At paragraph [20] he then described the matters which mitigate the penalty as including conduct showing remorse, co-operation with investigating bodies, admissions of offending, co-operation with the administration of justice, and sparing the victims from any contested hearing.
In this case, none of those particular mitigating factors is present, but the applicant's argument is that too few of the aggravating circumstances which are identified in SAG are present to warrant this term of 12 years. It seems that the sentencing Judge was not referred to SAG.
In particular, the applicant argues that he was not in a parental relationship to the complainant; there was never any physical violence or threats of violence, apart that is from the sexual conduct itself; penile rape did not occur; the offence of rape was relatively speaking not a serious one; the complainant did not become pregnant and her evidence suggested that the applicant had consistently practised the withdrawal method of contraception; there was only one complainant; and the applicant's conduct, although reprehensible, was said not to be characterised by the depravity seen in some other cases.
There were those features of the applicant's case but there were also other significant aggravating features as particularly identified in SAG. This child was a comparatively young child when the relationship began and it continued over a lengthy period. There were very many occasions of unlawful carnal knowledge and again over a prolonged period. Although the relationship was not parental, it was a protective relationship. The complainant's father had entrusted the care of his daughter to the applicant. The applicant's threats to abandon the grandmother constituted the emotional blackmail or other manipulation referred to in SAG.
A further submission is that the sentence should have been moderated to reflect the impact of the automatic serious violent offender declaration. That submission is inconsistent with the judgment of this Court in R v Cowie [2005] QCA 223. It was there held that whilst the mandatory declaration is relevant in the consideration of what sentence is just in all the circumstances according to section 9(1) of the Penalties and Sentences Act citing R v. Shillingsworth [2002] 1 QdR 527 and R v. Herford [2001] QCA 177 it was wrong to say that the sentencing court should invariably or at least as a general rule be constrained to sentence at the lower end of an appropriate range where the declaration is mandatory.

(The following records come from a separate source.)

(* Let $G$ be an additive group and let $X$, $\preceq$, $\rho$ be as described below. Then the metric space $(X,\rho)$ is geodesic and $(X,\rho,\preceq)$ is a metric $\vee$-semilattice.
   Context: A function on an interval $(\alpha,\beta)$ is piecewise constant from the left if for every $x$ there is $\varepsilon>0$ with $f$ constant on $[x-\varepsilon,x]$. $X$ is the set of pairs $(f,a_f)$, $a_f>0$ real, $f:(a_f,+\infty)\to G$ piecewise constant from the left with $f|_{(b_f,+\infty)}\equiv0$ for some $b_f\ge a_f$. Order: $(f,a_f)\preceq(g,a_g)$ iff $a_f\le a_g$ and $f|_{(a_g,+\infty)}=g$; $(X,\preceq)$ is a $\vee$-semilattice, with supremum denoted $p\vee q$. Metric: $\rho((f,a_f),(g,a_g))=|a_f-a_g|$ if the two pairs are comparable, and $\rho(p,q)=\rho(p,p\vee q)+\rho(p\vee q,q)$ if $p,q$ are incomparable. A metric space is geodesic if any two points are joined by a segment (an isometric image of a real segment). $(X,\rho,\preceq)$ is a metric $\vee$-semilattice if (1) $x\preceq z\preceq y$ implies $\rho(x,z)+\rho(z,y)=\rho(x,y)$, and (2) $\rho(x,y)=\rho(x,x\vee y)+\rho(x\vee y,y)$ for all $x,y$. *)

From mathcomp Require Import ssreflect ssrfun ssrbool eqtype ssralg.
From Stdlib Require Import Reals ClassicalEpsilon.
Set Implicit Arguments. Unset Strict Implicit.
Local Open Scope R_scope.

(* The function f : (a_f,+oo) -> G is encoded as a
   total function R -> G normalized to be 0 outside its domain (x <= a_f),
   so that equality of elements of X is equality of pairs (f, a_f). *)
Record Xel (G : zmodType) := MkX {
  xa : R;
  xf : R -> G;
  xa_pos : 0 < xa;
  xf_out : forall x, x <= xa -> xf x = GRing.zero;
  xf_plc : forall x, xa < x -> exists eps, 0 < eps /\ xa < x - eps /\
             forall y, x - eps <= y <= x -> xf y = xf x;
  xf_zero : exists b, xa <= b /\ forall x, b < x -> xf x = GRing.zero
}.

Definition Xle (G : zmodType) (p q : Xel G) : Prop :=
  xa p <= xa q /\ forall x, xa q < x -> xf p x = xf q x.

Definition Xcomparable (G : zmodType) (p q : Xel G) : Prop :=
  Xle p q \/ Xle q p.

Definition is_sup (T : Type) (le : T -> T -> Prop) (p q j : T) : Prop :=
  le p j /\ le q j /\ forall u, le p u -> le q u -> le j u.

(* p \/ q : the supremum (chosen by classical choice; it exists, see lemma5) *)
Definition Xjoin (G : zmodType) (p q : Xel G) : Xel G :=
  epsilon (inhabits p) (is_sup (@Xle G) p q).

Definition Xrho (G : zmodType) (p q : Xel G) : R :=
  if excluded_middle_informative (Xcomparable p q) then Rabs (xa p - xa q)
  else Rabs (xa p - xa (Xjoin p q)) + Rabs (xa (Xjoin p q) - xa q).

Definition partial_order (T : Type) (le : T -> T -> Prop) : Prop :=
  (forall x, le x x) /\ (forall x y, le x y -> le y x -> x = y) /\
  (forall x y z, le x y -> le y z -> le x z).

Definition join_semilattice (T : Type) (le : T -> T -> Prop) : Prop :=
  partial_order le /\ forall x y, exists j, is_sup le x y j.

Definition metric (T : Type) (d : T -> T -> R) : Prop :=
  (forall x y, d x y = 0 <-> x = y) /\ (forall x y, d x y = d y x) /\
  (forall x y z, d x z <= d x y + d y z).

Definition geodesic (T : Type) (d : T -> T -> R) : Prop :=
  forall x y, exists g : R -> T, g 0 = x /\ g (d x y) = y /\
    forall s t, 0 <= s <= d x y -> 0 <= t <= d x y ->
      d (g s) (g t) = Rabs (s - t).

Definition metric_join_semilattice (T : Type) (d : T -> T -> R)
    (le : T -> T -> Prop) (join : T -> T -> T) : Prop :=
  (forall x y z, le x z -> le z y -> d x z + d z y = d x y) /\
  (forall x y, d x y = d x (join x y) + d (join x y) y).

From mathcomp Require Import ssreflect ssralg.
From Stdlib Require Import Reals Lra Classical ClassicalEpsilon FunctionalExtensionality ProofIrrelevance.
Set Implicit Arguments. Unset Strict Implicit.
Local Open Scope R_scope.

(* Above any p the order is a chain: the elements u with p ⪯ u are exactly the
   truncations of p at the levels t >= a_p, and u ↦ a_u identifies this chain
   with [a_p, +oo).  The join of p and q is the truncation of p at the least
   level beyond which f_p and f_q agree, which exists because both functions
   vanish eventually.  Hence rho(p, q) = (a_J - a_p) + (a_J - a_q) with
   J = p ∨ q.  The triangle inequality holds because p ∨ q and q ∨ r both lie
   above q and are therefore comparable, and a geodesic from p to q climbs the
   chain above p up to J and then descends the chain above q. *)

Section XSemilattice.

Variable G : zmodType.
Implicit Types p q r u v : Xel G.

Lemma Xel_eq p q : xa p = xa q -> (forall x, xf p x = xf q x) -> p = q.
Proof.
case: p q => a f ? ? ? ? [a' f' ? ? ? ?] /= Ea /functional_extensionality Ef.
subst; f_equal; exact: proof_irrelevance.
Qed.

Lemma Xle_refl p : Xle p p.
Proof. by split; [lra|]. Qed.

Lemma Xle_trans p q r : Xle p q -> Xle q r -> Xle p r.
Proof.
move=> [pq_a pq_f] [qr_a qr_f]; split; first lra.
move=> x rx; rewrite pq_f ?qr_f //; lra.
Qed.

Lemma Xle_eq_xa p q : Xle p q -> xa p = xa q -> p = q.
Proof.
move=> [_ pq_f] Ea; apply: Xel_eq => // x.
case: (Rle_dec x (xa q)) => [xq | /Rnot_le_lt qx]; last exact: pq_f.
by rewrite !xf_out //; lra.
Qed.

Lemma Xle_antisym p q : Xle p q -> Xle q p -> p = q.
Proof. move=> pq qp; apply: (Xle_eq_xa pq); case: pq qp => ? _ [? _]; lra. Qed.

Lemma Xle_upper_of_xa_le q u v : Xle q u -> Xle q v -> xa u <= xa v -> Xle u v.
Proof.
move=> [qu_a qu_f] [qv_a qv_f] uv; split=> // x vx.
rewrite -qu_f ?qv_f //; lra.
Qed.

Definition trunc_fun p t (x : R) : G :=
  match Rle_dec x (Rmax (xa p) t) with left _ => GRing.zero | right _ => xf p x end.

Lemma trunc_fun_above p t x : Rmax (xa p) t < x -> trunc_fun p t x = xf p x.
Proof. by rewrite /trunc_fun; case: Rle_dec => //; lra. Qed.

Lemma trunc_level_pos p t : 0 < Rmax (xa p) t.
Proof. have := Rmax_l (xa p) t; have := xa_pos p; lra. Qed.

Lemma trunc_fun_out p t x : x <= Rmax (xa p) t -> trunc_fun p t x = GRing.zero.
Proof. by rewrite /trunc_fun; case: Rle_dec. Qed.

Lemma trunc_fun_plc p t x : Rmax (xa p) t < x ->
  exists eps, 0 < eps /\ Rmax (xa p) t < x - eps /\
    forall y, x - eps <= y <= x -> trunc_fun p t y = trunc_fun p t x.
Proof.
move=> tx; have pm := Rmax_l (xa p) t.
have [|eps [eps_pos [_ plc]]] := @xf_plc _ p x; first lra.
have [d [d_pos [d_eps d_gap]]] :
    exists d, 0 < d /\ d <= eps /\ d <= (x - Rmax (xa p) t) / 2.
  exists (Rmin eps ((x - Rmax (xa p) t) / 2)).
  split; [apply: Rmin_glb_lt; lra | split; [exact: Rmin_l | exact: Rmin_r]].
exists d; split; [lra | split; [lra |]] => y ?.
rewrite !trunc_fun_above; [apply: plc | |]; lra.
Qed.

Lemma trunc_fun_eventually_zero p t :
  exists b, Rmax (xa p) t <= b /\ forall x, b < x -> trunc_fun p t x = GRing.zero.
Proof.
have [b [_ fb]] := xf_zero p.
exists (Rmax (Rmax (xa p) t) b); split; first exact: Rmax_l.
move=> x bx; have := Rmax_l (Rmax (xa p) t) b; have := Rmax_r (Rmax (xa p) t) b.
by move=> ? ?; rewrite trunc_fun_above ?fb //; lra.
Qed.

Definition trunc p t : Xel G :=
  @MkX G (Rmax (xa p) t) (trunc_fun p t) (trunc_level_pos p t)
    (@trunc_fun_out p t) (@trunc_fun_plc p t) (trunc_fun_eventually_zero p t).

Lemma xa_trunc p t : xa p <= t -> xa (trunc p t) = t.
Proof. exact: Rmax_right. Qed.

Lemma le_trunc p t : Xle p (trunc p t).
Proof. by split=> [|x tx /=]; [exact: Rmax_l | rewrite trunc_fun_above]. Qed.

Lemma trunc_le p u t : Xle p u -> t <= xa u -> Xle (trunc p t) u.
Proof.
move=> [pu_a pu_f] tu; have := Rmax_lub _ _ _ pu_a tu.
by split=> // x ux /=; rewrite trunc_fun_above ?pu_f //; lra.
Qed.

Lemma trunc_upper p u : Xle p u -> trunc p (xa u) = u.
Proof.
move=> pu; apply: Xle_eq_xa; first by apply: trunc_le; [|lra].
by apply: xa_trunc; case: pu.
Qed.

Lemma trunc_xa p : trunc p (xa p) = p.
Proof. exact/trunc_upper/Xle_refl. Qed.

Lemma trunc_mono p s t : xa p <= s -> s <= t -> Xle (trunc p s) (trunc p t).
Proof. by move=> ps st; apply: trunc_le (le_trunc p t) _; rewrite xa_trunc; lra. Qed.

Lemma agreement_threshold p q :
  exists c, Rmax (xa p) (xa q) <= c /\ (forall x, c < x -> xf p x = xf q x) /\
    forall b, Rmax (xa p) (xa q) <= b -> (forall x, b < x -> xf p x = xf q x) -> c <= b.
Proof.
set m := Rmax (xa p) (xa q).
pose S x := x = m \/ m < x /\ xf p x <> xf q x.
have S_bounded : bound S.
  have [bp [_ p0]] := xf_zero p; have [bq [_ q0]] := xf_zero q.
  exists (Rmax m (Rmax bp bq)) => x [-> | [_ pq]]; first exact: Rmax_l.
  apply: Rnot_lt_le => big; apply: pq.
  have := Rmax_r m (Rmax bp bq); have := Rmax_l bp bq; have := Rmax_r bp bq.
  by move=> ? ? ?; rewrite p0 ?q0 //; lra.
have [c [c_ub c_least]] := completeness S S_bounded (ex_intro _ m (or_introl eq_refl)).
exists c; split; [|split].
- by apply: c_ub; left.
- move=> x cx; apply: NNPP => pq.
  have mc : m <= c by apply: (c_ub); left.
  have : x <= c by apply: (c_ub); right; split => //; lra.
  lra.
- move=> b mb agree; apply: c_least => x [-> | [_ pq]] //.
  by apply: Rnot_lt_le => bx; apply/pq/agree.
Qed.

Lemma Xjoin_exists p q : exists j, is_sup (@Xle G) p q j.
Proof.
have [c [mc [agree least]]] := agreement_threshold p q.
have pm := Rmax_l (xa p) (xa q); have qm := Rmax_r (xa p) (xa q).
exists (trunc p c); split; [exact: le_trunc | split].
- split=> [|x]; rewrite xa_trunc; try lra.
  by move=> cx; rewrite -(proj2 (le_trunc p c)) ?agree ?xa_trunc //; lra.
- move=> u pu qu; apply: (trunc_le pu); apply: least.
  + by case: pu qu => ? _ [? _]; apply: Rmax_lub.
  + by move=> x ux; rewrite (proj2 pu x ux) (proj2 qu x ux).
Qed.

Lemma Xjoin_spec p q : is_sup (@Xle G) p q (Xjoin p q).
Proof. exact: epsilon_spec (Xjoin_exists p q). Qed.

Lemma Xjoin_unique p q j : is_sup (@Xle G) p q j -> Xjoin p q = j.
Proof.
move=> [pj [qj j_least]]; have [pJ [qJ J_least]] := Xjoin_spec p q.
by apply: Xle_antisym; [apply: J_least | apply: j_least].
Qed.

Lemma Xjoin_r p q : Xle p q -> Xjoin p q = q.
Proof. by move=> pq; apply: Xjoin_unique; split; [|split; [exact: Xle_refl|]]. Qed.

Lemma Xjoin_comm p q : Xjoin p q = Xjoin q p.
Proof.
apply: Xjoin_unique; have [qJ [pJ J_least]] := Xjoin_spec q p.
by split; [|split] => // u pu qu; apply: J_least.
Qed.

Lemma Xjoin_trunc p q s t :
  xa p <= s <= xa (Xjoin p q) -> xa q <= t <= xa (Xjoin p q) ->
  Xjoin (trunc p s) (trunc q t) = Xjoin p q.
Proof.
move=> ps qt; have [pJ [qJ J_least]] := Xjoin_spec p q.
apply: Xjoin_unique; split; [|split].
- by apply: trunc_le; [|lra].
- by apply: trunc_le; [|lra].
- move=> u pu qu; apply: J_least.
  + exact: Xle_trans (le_trunc p s) pu.
  + exact: Xle_trans (le_trunc q t) qu.
Qed.

Lemma Xrho_join p q :
  Xrho p q = (xa (Xjoin p q) - xa p) + (xa (Xjoin p q) - xa q).
Proof.
rewrite /Xrho; case: excluded_middle_informative => [[pq | qp] | _] /=.
- by rewrite Xjoin_r //; case: pq => ? _; rewrite Rabs_left1; lra.
- by rewrite Xjoin_comm Xjoin_r //; case: qp => ? _; rewrite Rabs_pos_eq; lra.
- have [[pJ _] [[qJ _] _]] := Xjoin_spec p q.
  by rewrite Rabs_left1 ?Rabs_pos_eq; lra.
Qed.

Lemma Xrho_le p q : Xle p q -> Xrho p q = xa q - xa p.
Proof. by move=> pq; rewrite Xrho_join Xjoin_r //; lra. Qed.

Lemma Xrho_sym p q : Xrho p q = Xrho q p.
Proof. by rewrite !Xrho_join Xjoin_comm; lra. Qed.

Lemma Xrho_eq0 p q : Xrho p q = 0 <-> p = q.
Proof.
split=> [|<-]; last by rewrite Xrho_le; [lra | exact: Xle_refl].
have [pJ [qJ _]] := Xjoin_spec p q.
have [pJ_a _] := pJ; have [qJ_a _] := qJ.
rewrite Xrho_join => d0.
by transitivity (Xjoin p q); [apply: (Xle_eq_xa pJ) | symmetry; apply: (Xle_eq_xa qJ)]; lra.
Qed.

Lemma Xrho_triangle p q r : Xrho p r <= Xrho p q + Xrho q r.
Proof.
rewrite !Xrho_join.
have [pJ [qJ _]] := Xjoin_spec p q; have [qK [rK _]] := Xjoin_spec q r.
have [_ [_ L_least]] := Xjoin_spec p r.
suff : xa (Xjoin p r) + xa q <= xa (Xjoin p q) + xa (Xjoin q r) by lra.
case: (Rle_dec (xa (Xjoin p q)) (xa (Xjoin q r))) => [JK | /Rnot_le_lt KJ].
- have [LK _] := L_least _ (Xle_trans pJ (Xle_upper_of_xa_le qJ qK JK)) rK.
  by case: qJ => ? _; lra.
- have [LJ _] := L_least _ pJ (Xle_trans rK (Xle_upper_of_xa_le qK qJ (Rlt_le _ _ KJ))).
  by case: qK => ? _; lra.
Qed.

Lemma Xrho_trunc p s t : xa p <= s -> xa p <= t ->
  Xrho (trunc p s) (trunc p t) = Rabs (s - t).
Proof.
move=> ps pt; case: (Rle_dec s t) => [st | /Rnot_le_lt ts].
- rewrite Xrho_le; last exact: trunc_mono.
  by rewrite !xa_trunc // Rabs_left1; lra.
- rewrite Xrho_sym Xrho_le; last by apply: trunc_mono; lra.
  by rewrite !xa_trunc // Rabs_pos_eq; lra.
Qed.

Lemma Xrho_trunc_join p q s t :
  xa p <= s <= xa (Xjoin p q) -> xa q <= t <= xa (Xjoin p q) ->
  Xrho (trunc p s) (trunc q t) = (xa (Xjoin p q) - s) + (xa (Xjoin p q) - t).
Proof.
by move=> ps qt; rewrite Xrho_join Xjoin_trunc // !xa_trunc //; lra.
Qed.

Definition Xpath p q s : Xel G :=
  let A := xa (Xjoin p q) - xa p in
  match Rle_dec s A with
  | left _ => trunc p (xa p + s)
  | right _ => trunc q (xa (Xjoin p q) + A - s)
  end.

Lemma Xpath_up p q s : s <= xa (Xjoin p q) - xa p -> Xpath p q s = trunc p (xa p + s).
Proof. by rewrite /Xpath; case: Rle_dec. Qed.

Lemma Xpath_down p q s : xa (Xjoin p q) - xa p <= s ->
  Xpath p q s = trunc q (xa (Xjoin p q) + (xa (Xjoin p q) - xa p) - s).
Proof.
rewrite /Xpath; case: Rle_dec => // sA As.
have [pJ [qJ _]] := Xjoin_spec p q.
have -> : s = xa (Xjoin p q) - xa p by lra.
have -> : xa p + (xa (Xjoin p q) - xa p) = xa (Xjoin p q) by ring.
have -> : xa (Xjoin p q) + (xa (Xjoin p q) - xa p) - (xa (Xjoin p q) - xa p) =
          xa (Xjoin p q) by ring.
by rewrite (trunc_upper pJ) (trunc_upper qJ).
Qed.

Lemma Xrho_geodesic : geodesic (@Xrho G).
Proof.
move=> p q; exists (Xpath p q); rewrite (Xrho_join p q).
move: (Xjoin_spec p q) (@Xpath_up p q) (@Xpath_down p q) (@Xrho_trunc_join p q).
move: (Xjoin p q) => J [[pJ _] [[qJ _] _]] up down cross.
split; [|split].
- by rewrite up ?Rplus_0_r ?trunc_xa //; lra.
- rewrite down; last lra.
  have -> : xa J + (xa J - xa p) - (xa J - xa p + (xa J - xa q)) = xa q by ring.
  exact: trunc_xa.
- move=> s t s_in t_in.
  case: (Rle_dec s (xa J - xa p)) (Rle_dec t (xa J - xa p)) =>
    [sA | /Rnot_le_lt/Rlt_le As] [tA | /Rnot_le_lt/Rlt_le At].
  + rewrite up ?up // Xrho_trunc; try lra.
    by congr Rabs; ring.
  + by rewrite up ?down // cross ?Rabs_left1; lra.
  + by rewrite down ?up // Xrho_sym cross ?Rabs_pos_eq; lra.
  + rewrite !down // Xrho_trunc; try lra.
    by rewrite Rabs_minus_sym; congr Rabs; ring.
Qed.

Lemma Xrho_between p q r : Xle p r -> Xle r q -> Xrho p r + Xrho r q = Xrho p q.
Proof. by move=> pr rq; rewrite !Xrho_le //; [lra | exact: Xle_trans pr rq]. Qed.

Lemma Xrho_via_join p q : Xrho p q = Xrho p (Xjoin p q) + Xrho (Xjoin p q) q.
Proof.
have [pJ [qJ _]] := Xjoin_spec p q.
by rewrite Xrho_join (Xrho_le pJ) Xrho_sym (Xrho_le qJ); lra.
Qed.

End XSemilattice.

Theorem lemma5 (G : zmodType) :
  join_semilattice (@Xle G) /\
  (forall p q : Xel G, is_sup (@Xle G) p q (Xjoin p q)) /\
  metric (@Xrho G) /\
  geodesic (@Xrho G) /\
  metric_join_semilattice (@Xrho G) (@Xle G) (@Xjoin G).
Proof.
split; [|split; [exact: Xjoin_spec | split; [|split]]].
- split; first by split; [exact: Xle_refl | split; [exact: Xle_antisym | exact: Xle_trans]].
  by move=> p q; exists (Xjoin p q); exact: Xjoin_spec.
- by split; [exact: Xrho_eq0 | split; [exact: Xrho_sym | exact: Xrho_triangle]].
- exact: Xrho_geodesic.
- by split; [move=> p q r; exact: Xrho_between | exact: Xrho_via_join].
Qed.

Since 1st May 2003, the maximum penalty for an offence of maintaining an unlawful sexual relationship has been life imprisonment. This relationship began before then. Prior to that date, the maximum penalty was 14 years except if there was some specific offence of a particular kind committed during the relationship. In this case, there were offences of unlawful carnal knowledge committed before then with the result that by the then terms of Section 229B(3) of the Criminal Code, the maximum penalty was again life imprisonment.
Because of the analysis undertaken in SAG this case does not call for some review of the appropriate range in the relevant circumstances which can only repeat what was there said. In this matter, there were many circumstances which were aggravating and which made it a more serious example of this offence, and given the absence of any strong mitigating circumstances and the applicant's criminal history, it cannot be said that this sentence was manifestly excessive.
The application for leave to appeal the sentence should be dismissed.
WILLIAMS JA: I agree.
JERRARD JA: I agree.
WILLIAMS JA: The order of the Court is the application is dismissed.